- M-58 highlighted in red

Route information
- Maintained by MDOT
- Length: 5.108 mi (8.221 km)
- Existed: 1971–present

Major junctions
- West end: M-47 near Shields
- M-84 at Saginaw
- East end: I-675 at Saginaw

Location
- Country: United States
- State: Michigan
- Counties: Saginaw

Highway system
- Michigan State Trunkline Highway System; Interstate; US; State; Byways;
| ← M-57 |  | → M-59 |

= M-58 (Michigan highway) =

State highway in Saginaw County, Michigan, United States

M-58 is a 5.108 mi east–west state trunkline highway in the US state of Michigan that runs from M-47 in Saginaw Township east to exit 3 of Interstate 675 (I-675) near the north part of downtown Saginaw. The trunkline follows State Street through the Saginaw area, and east of Lathrop Avenue, M-58 is split along two streets, using Davenport Avenue as well. This is the third time that the number has been used on a highway in Michigan; the first two were used in the Berrien County and Pontiac areas. The Saginaw version was designated in 1971, and it is listed on the National Highway System.

==Route description==
M-58 starts at an intersection with M-47 (Midland Road) near the Tittabawassee River in Saginaw Township. It runs east on State Street through a commercial area in the township. Continuing east, the adjoining properties transition to residential buildings. Between Avalon and Lathrop avenues, M-58 splits into a one-way pairing of streets: eastbound traffic continues along State Street, but westbound traffic uses Davenport Avenue, one block to the north. Just east of this split, M-58 crosses into the City of Saginaw at Passolt Street.
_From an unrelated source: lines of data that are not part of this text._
Lemma yddot_derive t : is_derive t 1 yddot (ydddot t).
Proof. have Hydot := ydot_derive; have Hzdot := zdot_derive; exact: is_derive_eq. Qed.

Lemma ydddot_continuous : continuous ydddot.
Proof.
have Hydot := ydot_derive; have Hyddot := yddot_derive; have Hzdot := zdot_derive.
exact: (is_derive1_continuous (df := fun t => - yddot t - zddot t + a * ydddot t)).
Qed.

Lemma local_max_y_H_p m : 0 < a -> is_local_max y m ->
  ~ is_fixed_point a b c (state m) -> H_p a (state m).
Proof.
move=> a0 ymax not_fixed.
have [ydot0 yddot_le0 yddot0] : [/\ ydot m = 0, yddot m <= 0 & yddot m = 0 -> ydddot m = 0].
  exact: local_max_derive_conditions y_derive ydot_derive yddot_derive
    (ydddot_continuous m) ymax.
have yddotE : yddot m = - y m - z m by rewrite /yddot ydot0 mulr0 addr0.
have yddot_lt0 : yddot m < 0.
  rewrite lt_def yddot_le0 andbT; apply/eqP => /esym yddot_eq0; apply: not_fixed.
  have := yddot0 yddot_eq0; rewrite /ydddot ydot0 yddot_eq0 mulr0 addr0 oppr0 sub0r.
  by move=> /eqP; rewrite oppr_eq0 => /eqP zdot0; apply/is_fixed_pointP; split; rewrite -?yddotE.
have xE : x m / a = - y m.
  by apply/(canLR (mulfK (lt0r_neq0 a0))); move: ydot0; rewrite /ydot mulNr; lra.
by split; rewrite /state /px /py /pz /= ?mulNr xE ?opprK //; lra.
Qed.

Section Stationary.
Variables (X Y Z : R).
Hypotheses (xdot_eq0 : - Y - Z = 0) (ydot_eq0 : X + a * Y = 0)
  (zdot_eq0 : b * X + Z * (X - c) = 0).

Let E t := (x t - X) ^+ 2 + (y t - Y) ^+ 2 + (z t - Z) ^+ 2.
(* E', once the vanishing of the vector field at (X, Y, Z) is subtracted *)
Let dE t := 2 * ((b + Z - 1) * ((x t - X) * (z t - Z)) + a * (y t - Y) ^+ 2 +
  (x t - X + (X - c)) * (z t - Z) ^+ 2).

Lemma energy_derive t : is_derive t 1 E (dE t).
Proof.
apply: is_derive_eq; rewrite -![_ *: _]/(_ * _).
transitivity (dE t + 2 * ((x t - X) * (- Y - Z) + (y t - Y) * (X + a * Y) +
  (z t - Z) * (b * X + Z * (X - c)))).
  by rewrite /dE; ring.
by rewrite xdot_eq0 ydot_eq0 zdot_eq0 !(mulr0, addr0).
Qed.

Lemma energy_rate_bound {lo hi} : lo <= hi ->
  exists K, forall u, lo <= u -> u <= hi -> `|dE u| <= K * E u.
Proof.
move=> lohi.
have cx : continuous (fun u => `|x u - X|).
  move=> u; apply: (continuous_comp (f := fun v => x v - X)); last exact: norm_continuous.
  by apply: continuousB; [exact: is_derive1_continuous x_derive u | exact: cst_continuous].
have [u0 _ xB] := EVT_max lohi (continuous_subspaceT cx).
exists (`|b + Z - 1| + 2 * `|a| + 2 * (`|x u0 - X| + `|X - c|)) => u lou uhi.
by apply: norm_rossler_rate_le; apply: xB; rewrite in_itv /= lou uhi.
Qed.
(* A largest [J] containing [S] and avoiding [v_j] spans a complement of [v_j]. *)
Lemma exists_hyperplane_avoiding (S : pred 'I_m) j : ~~ (vR j <= spanR S)%MS ->
  exists J : pred 'I_m,
    [/\ forall i, S i -> J i, ~~ (vR j <= spanR J)%MS & \rank (spanR J) = n.-1].
Proof.
move=> j_notin_S.
pose spanJ (J : {set 'I_m}) := spanR (fun i => i \in J).
pose avoids (J : {set 'I_m}) := [forall i, S i ==> (i \in J)] && ~~ (vR j <= spanJ J)%MS.
have avoids_S : avoids [set i | S i].
  apply/andP; split; first by apply/forallP => i; apply/implyP; rewrite inE.
  by rewrite /spanJ (@eq_spanR R n m v _ S) // => i; rewrite inE.
have [Jm /andP [/forallP S_Jm j_notin_Jm] max_Jm] :=
  @arg_maxP _ _ _ _ avoids (fun J => #|J|) avoids_S.
set A := spanJ Jm.
have span_Aj i : (vR i <= A + vR j)%MS.
  case: (boolP (i \in Jm)) => Jm_i.
    by apply: submx_trans (addsmxSl _ _); apply: vR_sub_spanR.
  apply: adds_row_exchange => //.
  have : ~~ avoids (i |: Jm).
    by apply/negP => /max_Jm; rewrite /= leEnat cardsU1 Jm_i ltnn.
  rewrite negb_and negbK => /orP [/forallPn [x]|/submx_trans]; last apply.
    by rewrite negb_imply => /andP [Sx]; rewrite !inE (implyP (S_Jm x) Sx) orbT.
  apply: spanR_subP => x; rewrite !inE => /orP [/eqP ->|Jm_x]; first exact: addsmxSr.
  by apply: submx_trans (addsmxSl _ _); apply: vR_sub_spanR.
have rank_Aj : \rank (A + vR j)%MS = (\rank A).+1 by rewrite rank_adds_row.
exists (fun i => i \in Jm); split => //.
  by move=> i Si; apply: (implyP (S_Jm i)).
apply/eqP; rewrite -eqSS prednK; last first.
  by apply: leq_trans (rank_leq_col (A + vR j)%MS); rewrite rank_Aj.
rewrite -rank_Aj eqn_leq rank_leq_col -[X in (X <= _)%N]full mxrankS //.
by apply: spanR_subP => i _.
Qed.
In Saginaw, the two parallel streets continue east and meet M-84 which runs north–south along Bay Street. The distance between the two parallel streets decreases east of North Carolina Street when Davenport Avenue shifts to the south. The intersection with Hill Street marks the beginning of the connections to the exit 3 interchange along a bend in the I-675 freeway. Hill Street is one-way carrying traffic southbound exiting from southbound I-675 to either direction of M-58. Two blocks east, Michigan Avenue carries traffic northbound under the freeway, connecting to a ramp to northbound I-675 before continuing north through the city of Saginaw. East of this intersection, State Street curves to the north, intersecting Davenport Avenue and merging into the ramp for southbound I-675. A loop ramp across the freeway provides access from northbound I-675 to Davenport Avenue. This interchange complex marks the eastern terminus of M-58.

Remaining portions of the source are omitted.